For shoppers: how to read the moment without paranoia

Consumers won’t see “25 ppb” on a label. Still, shoppers can take a clear message from France’s approach: performance claims are moving toward a compliance era where chemistry must be defensible. If a brand sells in France and advertises technical water repellency, it has strong incentives to reformulate or verify.

Fashion has always been about trust—trust in workmanship, sourcing, and the stories brands tell. France is turning part of that trust into a testable standard.

The bigger timeline: 2026 is the start; 2030 is the structural shift

The 2026 ban targets defined consumer product categories. The law’s second phase—January 1, 2030—extends to all textile products containing PFAS, with exemptions for essential uses, national sovereignty, and industrial technical textiles to be specified by decree.

That matters because “textile products” is a broader universe than “apparel textiles and footwear.” It pulls the policy conversation from a narrow focus on rain jackets and waterproof sprays to the wider fabric economy.

France’s phased plan also telegraphs how regulation evolves: start where public visibility is high and substitution appears plausible, then expand. Whether one views that as sensible sequencing or regulatory creep depends on perspective. Either way, fashion companies that treat 2026 as a one-off compliance sprint are likely to be surprised by the pace of the next milestone.

The most realistic expectation is an era where technical performance is still sold—sometimes brilliantly—but achieved through different chemistry, tighter documentation, and fewer indulgences in vagueness.

A waterproof future may still be glossy. It just won’t be chemically invisible.

“A waterproof future may still be glossy. It just won’t be chemically invisible.”

— TheMurrow Editorial
T
About the Author
TheMurrow Editorial is a writer for TheMurrow covering style & fashion.

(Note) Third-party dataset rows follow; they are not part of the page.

Lemma iterT_limit_approx x k : series u @ \oo --> x ->
  N ((a k)^-1 *: iter (n k) T x - xs k) < 3 * eps R k.
Proof.
move=> ux; pose f v := (a k)^-1 *: iter (n k) T v.
have fcont : continuous f.
  move=> v; exact: (cvg_comp _ _ (@iter_continuous _ T (n k) Tcont v)
                                  (@scaler_continuous_lmod _ _ (a k)^-1 _)).
have fux : (f \o series u) @ \oo --> f x := cvg_comp _ _ ux (fcont x).
have [M _ HM] := (cvg_Fnorm hN _ _).1 fux _ (eps_gt0 R k).
have m_big := HM _ (leq_maxl M k.+1); have := iterT_series_approx (leq_maxr M k.+1).
rewrite /f /= in m_big *; move: m_big; rewrite Fnorm_distC // => m_big m_approx.
by apply: le_lt_trans (Fnorm_dist_triangle hN _ (f (series u (maxn M k.+1))) _) _; lra.
Qed.

Lemma admissible_supercyclic x : dense (range xs) -> series u @ \oo --> x ->
  supercyclic T x.
Proof.
move=> xs_dense ux O [z Oz] Oopen.
have := open_nbhs_nbhs (conj Oopen Oz); case: (hN) => _ -> _ [r r0 ballO].
have [k0 _ eps_small] := near_eps_lt (divr_gt0 r0 (ltr0Sn R 5)).
have [k k0k xsk] := dense_seq_Fnorm_often hN xs_dense k0 z (divr_gt0 r0 (ltr0Sn R 1)).
exists ((a k)^-1 *: iter (n k) T x); split; last by exists (n k), (a k)^-1.
apply: ballO; apply: le_lt_trans (Fnorm_dist_triangle hN _ (xs k) _) _.
have := iterT_limit_approx k ux; have := eps_small _ k0k; rewrite /=; lra.
Qed.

Frequently Asked Questions

Did France ban “waterproof” clothing on January 1, 2026?

No. France did not ban the word “waterproof.” It banned the manufacture, import, export, and placing on the market of certain consumer categories when PFAS exceed defined residual thresholds, effective January 1, 2026.

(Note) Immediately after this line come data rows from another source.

(* For all $p\in(0,1)$ and $n\ge0$, $\mathbb P_p[o\rightsquigarrow\partial B_n]=\mathbb P'_p[o\leftrightsquigarrow\partial B_n]$.
   Context: $\mathbb P_p$ is directed Bernoulli bond percolation on $\mathbb Z^d$: each directed nearest-neighbor edge $(u,v)$ ($\|u-v\|_1=1$) is open independently with probability $p$; $\{o\rightsquigarrow\partial B_n\}$ is the event that there is a path of open directed edges from the origin $o$ to a vertex of $\partial B_n$. $\mathbb P'_p$ is ordinary (undirected) Bernoulli bond percolation on the nearest-neighbor edges of $\mathbb Z^d$ with parameter $p$, and $\{o\leftrightsquigarrow\partial B_n\}$ is the event that some vertex of $\partial B_n$ is joined to $o$ by a path of open edges. Here $B_n=\{x:\|x\|_1\le n\}$, $\partial B_n=B_{n+1}\setminus B_n$. *)

From HB Require Import structures.
From mathcomp Require Import all_boot all_order all_algebra.
From mathcomp Require Import reals.
Set Implicit Arguments. Unset Strict Implicit. Unset Printing Implicit Defensive.
Import Order.TTheory GRing.Theory Num.Theory.

(* The vertices of the cube [-N,N]^d of Z^d are encoded as finite functions
   'I_d -> 'I_(2N+1) (= 'I_(2N).+1), coordinate k standing for the integer k - N. *)

Definition cube (d N : nat) := {ffun 'I_d -> 'I_(2 * N).+1}.

Definition coord d N (x : cube d N) (i : 'I_d) : int :=
  ((x i : nat)%:Z - N%:Z)%R.

Definition norm1 d N (x : cube d N) : nat := \sum_(i < d) absz (coord x i).

Definition dist1 d N (x y : cube d N) : nat :=
  \sum_(i < d) absz (coord x i - coord y i)%R.

Definition adj d N (x y : cube d N) : bool := dist1 x y == 1%N.

Definition origin d N : cube d N := [ffun => inord N : 'I_(2 * N).+1].

(* x \in \partial B_n = B_{n+1} \ B_n, i.e. ||x||_1 = n+1 *)
Definition in_bdry d N (n : nat) (x : cube d N) : bool := norm1 x == n.+1.

Definition bern_weight (R : realType) (I : finType) (p : R) (om : {ffun I -> bool}) : R :=
  (\prod_(i : I) (if om i then p else 1 - p))%R.

Definition Prob (R : realType) (I : finType) (p : R) (E : pred {ffun I -> bool}) : R :=
  (\sum_(om | E om) bern_weight p om)%R.

(* Directed percolation: each ordered pair (u,v) carries an independent
   Bernoulli(p) variable; the directed edge (u,v) (u,v neighbours) is open iff
   om (u,v).  (Coordinates of non-adjacent pairs are irrelevant dummies.) *)
Definition dir_open d N (om : {ffun cube d N * cube d N -> bool}) : rel (cube d N) :=
  fun u v => adj u v && om (u, v).

(* Undirected percolation: each unordered pair {u,v} (encoded as the set
   [set u; v]) carries an independent Bernoulli(p) variable. *)
Definition undir_open d N (om : {ffun {set cube d N} -> bool}) : rel (cube d N) :=
  fun u v => adj u v && om [set u; v].

Definition dir_reach d N (n : nat) (om : {ffun cube d N * cube d N -> bool}) : bool :=
  [exists w, in_bdry n w && connect (dir_open om) (origin d N) w].

Definition undir_reach d N (n : nat) (om : {ffun {set cube d N} -> bool}) : bool :=
  [exists w, in_bdry n w && connect (undir_open om) (origin d N) w].

From HB Require Import structures.
From mathcomp Require Import all_boot all_order all_algebra.
From mathcomp Require Import reals ring.
Set Implicit Arguments. Unset Strict Implicit. Unset Printing Implicit Defensive.
Import Order.TTheory GRing.Theory Num.Theory.
Local Open Scope ring_scope.

(* Both events are found by the same exploration of the cluster of the origin:
   take a vertex k that is reached but not yet explored, reveal the states of
   the edges from k to the unexplored vertices, one at a time, and then delete
   k.  In both models each revealed variable is a fresh Bernoulli(p) variable:
   the label of an edge at k ((k, j) or {k, j}) is never the label of an edge
   between two other vertices, so after k is deleted none of them is looked at
   again.  Hence the exploration, and with it the probability of reaching the
   boundary, has the same law in both models; this holds in any finite graph,
   for every p. *)

Section BernoulliProduct.
Variables (R : realType) (p : R) (I : finType).
Implicit Types (om : {ffun I -> bool}) (E F : pred {ffun I -> bool}).

Definition ffun_upd om i b : {ffun I -> bool} :=
  [ffun x => if x == i then b else om x].

Lemma ffun_upd_same om i b : ffun_upd om i b i = b.
Proof. by rewrite ffunE eqxx. Qed.

Lemma ffun_upd_id om i : ffun_upd om i (om i) = om.
Proof. by apply/ffunP => x; rewrite ffunE; case: eqP => // ->. Qed.

Lemma ffun_upd_upd om i b c : ffun_upd (ffun_upd om i b) i c = ffun_upd om i c.
Proof. by apply/ffunP => x; rewrite !ffunE; case: eqP. Qed.

Lemma ffun_upd_flip_inj i : injective (fun om => ffun_upd om i (~~ om i)).
Proof.
move=> om1 om2 /= eq_flip; apply/ffunP => x.
have := congr1 (fun om => om x) eq_flip.
by rewrite !ffunE; case: eqP => [-> /negb_inj|].
Qed.

Lemma sum_ffun_pair_flip i (F : {ffun I -> bool} -> R) :
  \sum_om F om = \sum_(om : {ffun I -> bool} | om i) (F om + F (ffun_upd om i false)).
Proof.
rewrite (bigID (fun om : {ffun I -> bool} => om i)) big_split /=; congr (_ + _).
rewrite (reindex_inj (@ffun_upd_flip_inj i)) /=.
apply: eq_big => om; first by rewrite ffun_upd_same negbK.
by rewrite ffun_upd_same negbK => ->.
Qed.

Lemma bern_weight_upd om i b :
  bern_weight p (ffun_upd om i b)
  = (if b then p else 1 - p) * \prod_(x | x != i) (if om x then p else 1 - p).
Proof.
rewrite /bern_weight (bigD1 i) //= ffun_upd_same; congr (_ * _).
by apply: eq_bigr => x /negbTE neq_xi; rewrite ffunE neq_xi.
Qed.

Lemma sum_bern_weight_cond i (F : {ffun I -> bool} -> R) :
  \sum_om bern_weight p om * F om
  = p * \sum_om bern_weight p om * F (ffun_upd om i true)
    + (1 - p) * \sum_om bern_weight p om * F (ffun_upd om i false).
Proof.
rewrite !(sum_ffun_pair_flip i) !mulr_sumr -big_split /=.
apply: eq_bigr => om om_i; rewrite !ffun_upd_upd.
have om_true : ffun_upd om i true = om by rewrite -om_i ffun_upd_id.
have w_om : bern_weight p om = p * \prod_(x | x != i) (if om x then p else 1 - p).
  by rewrite -[in LHS]om_true bern_weight_upd.
by rewrite om_true w_om bern_weight_upd; ring.
Qed.

Lemma Prob_sum E : Prob p E = \sum_om bern_weight p om * (E om)%:R.
Proof.
rewrite /Prob big_mkcond /=; apply: eq_bigr => om _.
by case: (E om); rewrite ?mulr1 ?mulr0.
Qed.

Lemma Prob_cond i E :
  Prob p E = p * Prob p (fun om => E (ffun_upd om i true))
             + (1 - p) * Prob p (fun om => E (ffun_upd om i false)).
Proof. by rewrite !Prob_sum (sum_bern_weight_cond i). Qed.

Lemma eq_Prob E F : E =1 F -> Prob p E = Prob p F.
Proof. exact: eq_bigl. Qed.

Lemma Prob_pred0 E : E =1 xpred0 -> Prob p E = 0.
Proof. exact: big_pred0. Qed.

Lemma Prob_predT E : E =1 predT -> Prob p E = 1.
Proof.
move=> /eq_Prob ->; rewrite /Prob /bern_weight.
rewrite -(bigA_distr_bigA (fun (i : I) (b : bool) => if b then p else 1 - p)).
by rewrite big1 // => i _; rewrite big_bool /=; ring.
Qed.

End BernoulliProduct.

Section Reach.
Variables (V : finType) (T : pred V).
Implicit Types (W K : {set V}) (r : rel V).

Definition rel_in W r : rel V := fun u v => [&& u \in W, v \in W & r u v].

Definition reach W K r : bool :=
  [exists s, exists t, [&& s \in K, s \in W, T t & connect (rel_in W r) s t]].

Lemma eq_reach W K r r' : rel_in W r =2 rel_in W r' -> reach W K r = reach W K r'.
Proof.
by move=> eq_r; apply: eq_existsb => s; apply: eq_existsb => t; rewrite (eq_connect eq_r).
Qed.

Lemma reach_setT1 s r : reach setT [set s] r = [exists t, T t && connect r s t].
Proof.
have rel_inT : rel_in setT r =2 r by move=> u v; rewrite /rel_in !inE.
apply/existsP/existsP => [[s' /existsP [t]] | [t /andP [Tt conn_st]]].
  rewrite inE (eq_connect rel_inT) => /and4P [/eqP -> _ Tt conn].
  by exists t; rewrite Tt.
by exists s; apply/existsP; exists t; rewrite !inE eqxx Tt (eq_connect rel_inT).
Qed.

Lemma reach_set0 W K r : K :&: W = set0 -> reach W K r = false.
Proof.
move=> KW0; apply/negbTE/existsP => -[s /existsP [t /and4P [sK sW _ _]]].
have : s \in K :&: W by rewrite inE sK sW.
by rewrite KW0 inE.
Qed.

Lemma reach_mem W K r k : k \in K -> k \in W -> T k -> reach W K r.
Proof.
by move=> kK kW Tk; apply/existsP; exists k; apply/existsP; exists k; rewrite kK kW Tk connect0.
Qed.

Lemma path_last_visit W r k x q : ~~ T k -> x \in W ->
  path (rel_in W r) x q -> T (last x q) ->
  (x != k /\ connect (rel_in (W :\ k) r) x (last x q)) \/
  (exists2 j, j \in W :\ k & r k j /\ connect (rel_in (W :\ k) r) j (last x q)).
Proof.
move=> nTk; elim: q x => [|y q IHq] x xW /=.
  by move=> _ Tx; left; split; [apply: contraNneq nTk => <- | exact: connect0].
case/andP=> /and3P [_ yW rxy] path_yq Tlast.
have [[neq_yk conn_y]|] := IHq y yW path_yq Tlast; last by right.
have [eq_xk|neq_xk] := eqVneq x k.
  by rewrite eq_xk in rxy; right; exists y; rewrite ?inE ?neq_yk.
left; split => //; apply: connect_trans conn_y; apply: connect1.
by rewrite /rel_in !inE neq_xk neq_yk xW yW.
Qed.

Lemma reach_explore W K r k : k \in K -> k \in W -> ~~ T k ->
  reach W K r = reach (W :\ k) ((K :\ k) :|: [set j in W | r k j]) r.
Proof.
move=> kK kW nTk; apply/idP/idP.
  case/existsP=> s /existsP [t /and4P [sK sW Tt /connectP [q path_q t_last]]]; subst t.
  have [[neq_sk conn]|[j]] := path_last_visit nTk sW path_q Tt.
    apply/existsP; exists s; apply/existsP; exists (last s q).
    by rewrite !inE neq_sk sK sW Tt conn.
  rewrite !inE => /andP [neq_jk jW] [rkj conn].
  apply/existsP; exists j; apply/existsP; exists (last s q).
  by rewrite !inE neq_jk jW rkj Tt conn orbT.
have sub_k : subrel (rel_in (W :\ k) r) (connect (rel_in W r)).
  move=> u v /and3P []; rewrite !inE => /andP [_ uW] /andP [_ vW] ruv.
  by apply: connect1; rewrite /rel_in uW vW.
case/existsP=> s /existsP [t /and4P []].
rewrite !inE => sK /andP [_ sW] Tt /(connect_sub sub_k) conn.
apply/existsP; case/orP: sK => [/andP [_ sK] | /andP [_ rks]].
  by exists s; apply/existsP; exists t; rewrite sK sW Tt conn.
exists k; apply/existsP; exists t; rewrite kK kW Tt /=; apply: connect_trans conn.
by apply: connect1; rewrite /rel_in kW sW rks.
Qed.

End Reach.

Section Exploration.
Variables (R : realType) (p : R) (V : finType) (a : rel V) (T : pred V).
Variables (I : finType) (e : V -> V -> I).
Hypothesis e_inj : forall k, injective (e k).
Hypothesis e_sep : forall k u v j, u != k -> v != k -> e u v != e k j.
Implicit Types (om : {ffun I -> bool}) (W K D X : {set V}).

Definition open_rel om : rel V := fun u v => a u v && om (e u v).

Definition open_nbrs D k om : {set V} := [set j in D | open_rel om k j].

Definition open_reach W K : pred {ffun I -> bool} := fun om => reach T W K (open_rel om).

Lemma open_nbrs0 k om : open_nbrs set0 k om = set0.
Proof. by apply/setP => j; rewrite !inE. Qed.

Lemma open_rel_upd_off W k j om b :
  rel_in (W :\ k) (open_rel (ffun_upd om (e k j) b)) =2 rel_in (W :\ k) (open_rel om).
Proof.
move=> u v; rewrite /rel_in /open_rel !inE ffunE.
have [//|neq_uk] := eqVneq u k; have [//|neq_vk] := eqVneq v k.
by rewrite (negbTE (e_sep j neq_uk neq_vk)).
Qed.

Lemma open_nbrs_upd D k j om b : j \in D ->
  open_nbrs D k (ffun_upd om (e k j) b)
  = (if a k j && b then [set j] else set0) :|: open_nbrs (D :\ j) k om.
Proof.
move=> jD; apply/setP => i; rewrite !inE /open_rel ffunE (inj_eq (@e_inj k)).
have [->|neq_ij] := eqVneq i j; case: (a k j) b => -[];
  by rewrite ?jD ?inE ?eqxx ?orbF /= ?(negbTE neq_ij).
Qed.

Definition reach_via_nbrs W k D X : pred {ffun I -> bool} :=
  fun om => reach T (W :\ k) (X :|: open_nbrs D k om) (open_rel om).

Lemma open_reach_explore W K k : k \in K -> k \in W -> ~~ T k ->
  open_reach W K =1 reach_via_nbrs W k W (K :\ k).
Proof. by move=> kK kW nTk om; apply: reach_explore. Qed.

Lemma reach_via_nbrs0 W k X : reach_via_nbrs W k set0 X =1 open_reach (W :\ k) X.
Proof. by move=> om; rewrite /reach_via_nbrs open_nbrs0 setU0. Qed.

Lemma Prob_reach_via_nbrs_upd W k D X j b : j \in D ->
  Prob p (fun om => reach_via_nbrs W k D X (ffun_upd om (e k j) b))
  = Prob p (reach_via_nbrs W k (D :\ j) (X :|: if a k j && b then [set j] else set0)).
Proof.
move=> jD; apply: eq_Prob => om.
by rewrite /reach_via_nbrs open_nbrs_upd // setUA; apply: eq_reach; apply: open_rel_upd_off.
Qed.

End Exploration.

Section Comparison.
Variables (R : realType) (p : R) (V : finType) (a : rel V) (T : pred V).
Variables (I1 I2 : finType) (e1 : V -> V -> I1) (e2 : V -> V -> I2).
Hypothesis e1_inj : forall k, injective (e1 k).
Hypothesis e2_inj : forall k, injective (e2 k).
Hypothesis e1_sep : forall k u v j, u != k -> v != k -> e1 u v != e1 k j.
Hypothesis e2_sep : forall k u v j, u != k -> v != k -> e2 u v != e2 k j.

Lemma Prob_reach_via_nbrs_relabel W k :
  (forall K, Prob p (open_reach a T e1 (W :\ k) K) = Prob p (open_reach a T e2 (W :\ k) K)) ->
  forall D X, Prob p (reach_via_nbrs a T e1 W k D X) = Prob p (reach_via_nbrs a T e2 W k D X).
Proof.
move=> IHW D; have [n ltD] := ubnP #|D|; elim: n D ltD => // n IHn D ltD X.
have [->|[j jD]] := set_0Vmem D.
  by rewrite !(eq_Prob _ (reach_via_nbrs0 _ _ _ _ _ _)).
have ltDj : (#|D :\ j| < n)%N by move: ltD; rewrite (cardsD1 j D) jD.
rewrite (Prob_cond _ (e1 k j)) (Prob_cond _ (e2 k j)); congr (_ * _ + _ * _).
  all: rewrite [LHS](Prob_reach_via_nbrs_upd _ _ _ e1_inj e1_sep _ _ _ _ jD).
  all: rewrite [RHS](Prob_reach_via_nbrs_upd _ _ _ e2_inj e2_sep _ _ _ _ jD).
  all: exact: IHn.
Qed.

Lemma Prob_open_reach_relabel W K :
  Prob p (open_reach a T e1 W K) = Prob p (open_reach a T e2 W K).
Proof.
have [n ltW] := ubnP #|W|; elim: n W ltW K => // n IHn W ltW K.
have [KW0|[k]] := set_0Vmem (K :&: W).
  by rewrite !Prob_pred0 // => om; apply: reach_set0.
rewrite inE => /andP [kK kW]; have [Tk|nTk] := boolP (T k).
  by rewrite !Prob_predT // => om; apply: reach_mem Tk.
rewrite !(eq_Prob _ (open_reach_explore _ _ kK kW nTk)).
apply: Prob_reach_via_nbrs_relabel => K'; apply: IHn.
by move: ltW; rewrite (cardsD1 k W) kW.
Qed.

End Comparison.

Lemma pair_label_sep (V : eqType) (k u v j : V) : u != k -> (u, v) != (k, j).
Proof. by move=> neq_uk; rewrite xpair_eqE (negbTE neq_uk). Qed.

Lemma set2_inj (V : finType) (k : V) : injective (fun v => [set k; v]).
Proof.
move=> x y eq_kxy.
have /set2P [eq_xk|//] : x \in [set k; y] by rewrite -eq_kxy set22.
have /set2P [eq_yk|->//] : y \in [set k; x] by rewrite eq_kxy set22.
by rewrite eq_xk eq_yk.
Qed.

Lemma set2_label_sep (V : finType) (k u v j : V) :
  u != k -> v != k -> [set u; v] != [set k; j].
Proof.
move=> neq_uk neq_vk; apply: contraTneq (set21 k j) => <-.
by rewrite !inE negb_or eq_sym neq_uk eq_sym neq_vk.
Qed.

Theorem lemma3p4 (R : realType) (d n N : nat) (p : R) :
  (0 < p < 1)%R -> (n < N)%N ->
  Prob p (dir_reach (d:=d) (N:=N) n) = Prob p (undir_reach (d:=d) (N:=N) n).
Proof.
move=> _ _.
pose o := origin d N; pose T := in_bdry (d:=d) (N:=N) n.
have -> : Prob p (dir_reach (d:=d) (N:=N) n)
          = Prob p (open_reach (@adj d N) T pair setT [set o]).
  by apply: eq_Prob => om; rewrite /open_reach reach_setT1.
have -> : Prob p (undir_reach (d:=d) (N:=N) n)
          = Prob p (open_reach (@adj d N) T (fun u v : cube d N => [set u; v]) setT [set o]).
  by apply: eq_Prob => om; rewrite /open_reach reach_setT1.
apply: Prob_open_reach_relabel; last exact: set2_label_sep.
- by move=> k x y [].
- exact: set2_inj.
- by move=> k u v j neq_uk _; apply: pair_label_sep.
Qed.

Which products are covered by the 2026 PFAS restrictions?

The first wave covers PFAS-containing cosmetics, ski wax, and consumer apparel textiles, footwear, and waterproofing agents (with certain protective/safety exemptions to be specified by decree).

What PFAS thresholds does France use for compliance testing?

Decree n° 2025-1376 sets residual thresholds: 25 ppb for any individual PFAS (targeted analysis, excluding polymers), 250 ppb for the sum of targeted PFAS (excluding polymers), and 50 ppm for PFAS including polymers.

What is the “50 mg F/kg total fluorine” rule?

If total fluorine exceeds 50 mg F/kg, the responsible party must be able to provide evidence—on request—showing whether the fluorine comes from PFAS or non-PFAS substances; it’s framed as a documentation trigger, not a standalone ban threshold.

Can brands still sell older PFAS-treated inventory in France?

Temporarily. Products covered by the January 1, 2026 bans that contain PFAS but were manufactured before January 1, 2026 may be placed on the market or exported for up to 12 months from that date; after that, sale/export is prohibited.

What happens next—why does January 1, 2030 matter?

From January 1, 2030, the ban extends to all textile products containing PFAS, with exemptions for essential uses, national sovereignty, and industrial technical textiles to be defined by decree.